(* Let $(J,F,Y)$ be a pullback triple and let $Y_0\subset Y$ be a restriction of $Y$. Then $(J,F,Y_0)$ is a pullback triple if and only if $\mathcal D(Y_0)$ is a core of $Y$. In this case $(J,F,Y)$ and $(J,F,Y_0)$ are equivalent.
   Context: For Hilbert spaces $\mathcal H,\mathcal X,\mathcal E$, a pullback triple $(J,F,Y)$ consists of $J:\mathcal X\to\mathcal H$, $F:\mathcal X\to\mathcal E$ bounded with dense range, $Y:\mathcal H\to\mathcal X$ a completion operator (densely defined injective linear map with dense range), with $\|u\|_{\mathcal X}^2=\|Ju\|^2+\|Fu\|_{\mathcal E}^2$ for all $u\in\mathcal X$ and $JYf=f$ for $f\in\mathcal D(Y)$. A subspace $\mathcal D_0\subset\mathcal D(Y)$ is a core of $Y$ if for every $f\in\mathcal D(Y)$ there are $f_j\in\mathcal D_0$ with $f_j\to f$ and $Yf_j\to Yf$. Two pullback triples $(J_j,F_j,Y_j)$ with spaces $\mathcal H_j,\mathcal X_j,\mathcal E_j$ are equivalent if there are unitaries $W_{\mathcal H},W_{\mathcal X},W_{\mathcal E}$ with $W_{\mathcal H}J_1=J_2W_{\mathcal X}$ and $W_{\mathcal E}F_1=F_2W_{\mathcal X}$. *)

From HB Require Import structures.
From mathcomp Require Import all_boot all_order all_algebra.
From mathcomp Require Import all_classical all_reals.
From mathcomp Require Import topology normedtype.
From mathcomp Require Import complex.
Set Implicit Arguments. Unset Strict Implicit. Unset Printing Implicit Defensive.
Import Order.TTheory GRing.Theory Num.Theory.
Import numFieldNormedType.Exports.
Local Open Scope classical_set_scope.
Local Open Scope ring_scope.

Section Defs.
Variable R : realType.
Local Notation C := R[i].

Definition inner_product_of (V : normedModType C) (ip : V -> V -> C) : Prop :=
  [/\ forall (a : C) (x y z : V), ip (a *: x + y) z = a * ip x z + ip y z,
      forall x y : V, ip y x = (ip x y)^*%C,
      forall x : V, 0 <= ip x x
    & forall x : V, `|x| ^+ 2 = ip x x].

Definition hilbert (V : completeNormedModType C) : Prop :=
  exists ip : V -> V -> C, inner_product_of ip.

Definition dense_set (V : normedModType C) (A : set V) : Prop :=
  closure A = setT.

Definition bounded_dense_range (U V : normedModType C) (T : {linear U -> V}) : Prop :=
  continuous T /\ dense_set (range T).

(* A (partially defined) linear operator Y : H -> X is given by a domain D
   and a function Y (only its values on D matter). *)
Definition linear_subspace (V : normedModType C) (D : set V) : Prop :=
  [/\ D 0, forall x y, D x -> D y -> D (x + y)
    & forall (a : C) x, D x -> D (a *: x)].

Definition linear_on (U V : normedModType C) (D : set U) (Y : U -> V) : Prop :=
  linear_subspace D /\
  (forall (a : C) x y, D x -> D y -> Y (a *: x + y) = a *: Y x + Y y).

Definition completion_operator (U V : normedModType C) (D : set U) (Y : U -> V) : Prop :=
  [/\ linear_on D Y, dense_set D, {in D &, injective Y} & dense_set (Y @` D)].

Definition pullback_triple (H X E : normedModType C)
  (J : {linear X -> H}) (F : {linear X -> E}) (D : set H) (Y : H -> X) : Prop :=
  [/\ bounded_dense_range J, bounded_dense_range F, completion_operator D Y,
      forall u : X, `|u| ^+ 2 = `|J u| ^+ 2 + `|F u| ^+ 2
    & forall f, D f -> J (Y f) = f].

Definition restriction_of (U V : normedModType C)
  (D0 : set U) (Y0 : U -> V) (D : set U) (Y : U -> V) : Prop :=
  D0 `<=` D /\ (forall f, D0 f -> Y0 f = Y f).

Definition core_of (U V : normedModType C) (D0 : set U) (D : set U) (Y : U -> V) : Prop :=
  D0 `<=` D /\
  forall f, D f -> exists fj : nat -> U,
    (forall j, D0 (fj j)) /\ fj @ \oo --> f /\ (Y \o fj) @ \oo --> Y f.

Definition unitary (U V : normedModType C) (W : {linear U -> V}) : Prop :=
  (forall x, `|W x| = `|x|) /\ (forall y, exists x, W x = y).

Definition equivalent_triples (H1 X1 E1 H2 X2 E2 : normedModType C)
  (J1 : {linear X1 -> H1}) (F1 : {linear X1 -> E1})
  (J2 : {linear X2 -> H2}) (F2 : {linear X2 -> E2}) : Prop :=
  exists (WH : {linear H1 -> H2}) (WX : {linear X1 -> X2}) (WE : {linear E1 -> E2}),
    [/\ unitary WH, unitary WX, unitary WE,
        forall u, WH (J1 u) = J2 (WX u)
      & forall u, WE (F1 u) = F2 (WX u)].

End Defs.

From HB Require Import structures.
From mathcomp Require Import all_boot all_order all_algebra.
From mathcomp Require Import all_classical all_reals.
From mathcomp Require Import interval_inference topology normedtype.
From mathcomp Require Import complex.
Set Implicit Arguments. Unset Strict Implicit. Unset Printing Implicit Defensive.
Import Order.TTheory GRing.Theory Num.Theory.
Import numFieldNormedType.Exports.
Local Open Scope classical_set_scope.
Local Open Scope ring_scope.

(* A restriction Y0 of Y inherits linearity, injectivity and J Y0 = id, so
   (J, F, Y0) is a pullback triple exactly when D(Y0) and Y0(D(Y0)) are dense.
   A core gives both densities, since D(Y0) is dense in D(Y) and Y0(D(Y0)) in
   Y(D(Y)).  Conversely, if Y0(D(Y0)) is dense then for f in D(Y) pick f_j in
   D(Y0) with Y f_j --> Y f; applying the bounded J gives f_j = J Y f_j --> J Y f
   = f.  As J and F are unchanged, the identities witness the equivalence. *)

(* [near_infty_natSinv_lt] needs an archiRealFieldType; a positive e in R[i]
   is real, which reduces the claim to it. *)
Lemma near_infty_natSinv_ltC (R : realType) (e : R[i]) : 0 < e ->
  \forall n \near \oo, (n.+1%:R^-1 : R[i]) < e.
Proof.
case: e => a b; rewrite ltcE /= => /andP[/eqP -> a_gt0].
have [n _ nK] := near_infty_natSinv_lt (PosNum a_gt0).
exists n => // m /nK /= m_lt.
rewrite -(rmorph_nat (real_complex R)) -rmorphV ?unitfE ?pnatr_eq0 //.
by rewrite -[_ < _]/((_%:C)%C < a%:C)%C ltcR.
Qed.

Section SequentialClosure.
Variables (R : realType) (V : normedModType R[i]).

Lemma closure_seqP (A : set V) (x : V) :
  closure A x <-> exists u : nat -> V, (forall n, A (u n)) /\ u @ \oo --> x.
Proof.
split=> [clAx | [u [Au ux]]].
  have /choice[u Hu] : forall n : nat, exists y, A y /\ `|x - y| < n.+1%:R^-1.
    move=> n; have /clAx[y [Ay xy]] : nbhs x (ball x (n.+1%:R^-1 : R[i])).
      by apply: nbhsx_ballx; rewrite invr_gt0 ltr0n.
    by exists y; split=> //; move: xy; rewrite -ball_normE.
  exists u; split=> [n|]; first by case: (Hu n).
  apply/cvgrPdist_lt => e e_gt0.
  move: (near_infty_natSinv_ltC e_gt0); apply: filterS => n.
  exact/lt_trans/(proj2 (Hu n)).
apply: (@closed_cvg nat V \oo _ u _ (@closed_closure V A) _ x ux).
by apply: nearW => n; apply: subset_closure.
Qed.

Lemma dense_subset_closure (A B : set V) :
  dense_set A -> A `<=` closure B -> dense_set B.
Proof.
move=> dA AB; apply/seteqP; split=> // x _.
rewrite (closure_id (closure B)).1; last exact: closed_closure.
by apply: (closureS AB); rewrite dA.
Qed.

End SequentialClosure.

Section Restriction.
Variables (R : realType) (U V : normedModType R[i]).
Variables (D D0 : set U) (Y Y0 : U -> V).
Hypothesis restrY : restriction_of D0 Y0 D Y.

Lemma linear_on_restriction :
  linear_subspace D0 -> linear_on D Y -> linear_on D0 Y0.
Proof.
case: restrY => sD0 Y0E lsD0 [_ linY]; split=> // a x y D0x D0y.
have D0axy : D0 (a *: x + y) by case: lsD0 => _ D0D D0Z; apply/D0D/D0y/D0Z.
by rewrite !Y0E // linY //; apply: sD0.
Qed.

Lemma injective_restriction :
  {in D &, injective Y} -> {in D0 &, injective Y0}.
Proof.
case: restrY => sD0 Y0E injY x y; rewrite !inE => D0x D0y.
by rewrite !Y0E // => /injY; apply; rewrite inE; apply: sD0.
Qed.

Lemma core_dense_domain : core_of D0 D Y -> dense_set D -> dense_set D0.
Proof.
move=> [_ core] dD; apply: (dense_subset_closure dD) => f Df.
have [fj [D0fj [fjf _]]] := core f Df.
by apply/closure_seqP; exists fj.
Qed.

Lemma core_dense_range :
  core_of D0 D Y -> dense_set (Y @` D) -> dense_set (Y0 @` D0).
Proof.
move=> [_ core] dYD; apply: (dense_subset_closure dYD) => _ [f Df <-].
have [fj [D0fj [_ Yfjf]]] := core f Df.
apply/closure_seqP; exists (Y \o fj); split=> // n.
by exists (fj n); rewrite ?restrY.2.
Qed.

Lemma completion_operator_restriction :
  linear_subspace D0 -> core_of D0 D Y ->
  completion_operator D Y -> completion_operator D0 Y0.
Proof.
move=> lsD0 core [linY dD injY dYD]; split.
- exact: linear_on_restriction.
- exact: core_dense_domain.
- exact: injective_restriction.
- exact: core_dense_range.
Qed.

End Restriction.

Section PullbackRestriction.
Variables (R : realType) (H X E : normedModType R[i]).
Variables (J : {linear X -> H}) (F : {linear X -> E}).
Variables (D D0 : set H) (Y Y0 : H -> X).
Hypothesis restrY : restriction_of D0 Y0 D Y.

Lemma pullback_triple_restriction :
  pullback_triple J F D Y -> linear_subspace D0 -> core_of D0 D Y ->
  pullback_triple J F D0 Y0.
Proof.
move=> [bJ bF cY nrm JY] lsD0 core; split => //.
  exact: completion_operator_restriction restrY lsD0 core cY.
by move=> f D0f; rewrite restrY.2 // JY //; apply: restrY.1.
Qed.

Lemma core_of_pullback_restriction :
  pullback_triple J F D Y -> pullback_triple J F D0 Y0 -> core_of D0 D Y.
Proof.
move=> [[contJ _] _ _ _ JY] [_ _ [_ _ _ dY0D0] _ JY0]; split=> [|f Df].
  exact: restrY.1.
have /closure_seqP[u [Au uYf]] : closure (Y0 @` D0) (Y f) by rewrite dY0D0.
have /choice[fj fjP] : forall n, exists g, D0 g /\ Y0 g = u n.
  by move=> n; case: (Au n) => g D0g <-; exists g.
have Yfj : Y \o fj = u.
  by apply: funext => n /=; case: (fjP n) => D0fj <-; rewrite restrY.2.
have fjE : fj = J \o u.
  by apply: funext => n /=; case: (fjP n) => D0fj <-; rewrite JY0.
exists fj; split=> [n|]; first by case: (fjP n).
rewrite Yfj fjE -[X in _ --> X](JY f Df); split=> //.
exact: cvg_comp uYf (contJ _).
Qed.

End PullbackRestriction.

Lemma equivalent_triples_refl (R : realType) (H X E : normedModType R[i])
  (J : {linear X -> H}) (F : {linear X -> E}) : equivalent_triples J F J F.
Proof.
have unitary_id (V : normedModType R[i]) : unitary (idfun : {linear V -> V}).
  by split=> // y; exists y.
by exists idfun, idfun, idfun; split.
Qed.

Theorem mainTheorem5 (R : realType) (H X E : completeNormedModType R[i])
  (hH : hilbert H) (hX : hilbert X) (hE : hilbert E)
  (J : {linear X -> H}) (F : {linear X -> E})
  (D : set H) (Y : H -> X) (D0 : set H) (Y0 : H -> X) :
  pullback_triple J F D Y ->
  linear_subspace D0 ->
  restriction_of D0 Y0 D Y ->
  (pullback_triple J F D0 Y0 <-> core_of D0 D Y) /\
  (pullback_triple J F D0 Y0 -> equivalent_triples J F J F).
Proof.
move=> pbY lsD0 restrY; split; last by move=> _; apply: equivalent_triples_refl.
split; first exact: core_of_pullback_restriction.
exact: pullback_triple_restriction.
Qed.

**Directions**: Print exactly the lines of the listing above starting at the line containing "Lemma near_infty_natSinv_ltC (R" and ending at the line containing "by apply: nbhsx_ballx;", both included.

**Answer box**:
Lemma near_infty_natSinv_ltC (R : realType) (e : R[i]) : 0 < e ->
  \forall n \near \oo, (n.+1%:R^-1 : R[i]) < e.
Proof.
case: e => a b; rewrite ltcE /= => /andP[/eqP -> a_gt0].
have [n _ nK] := near_infty_natSinv_lt (PosNum a_gt0).
exists n => // m /nK /= m_lt.
rewrite -(rmorph_nat (real_complex R)) -rmorphV ?unitfE ?pnatr_eq0 //.
by rewrite -[_ < _]/((_%:C)%C < a%:C)%C ltcR.
Qed.

Section SequentialClosure.
Variables (R : realType) (V : normedModType R[i]).

Lemma closure_seqP (A : set V) (x : V) :
  closure A x <-> exists u : nat -> V, (forall n, A (u n)) /\ u @ \oo --> x.
Proof.
split=> [clAx | [u [Au ux]]].
  have /choice[u Hu] : forall n : nat, exists y, A y /\ `|x - y| < n.+1%:R^-1.
    move=> n; have /clAx[y [Ay xy]] : nbhs x (ball x (n.+1%:R^-1 : R[i])).
      by apply: nbhsx_ballx; rewrite invr_gt0 ltr0n.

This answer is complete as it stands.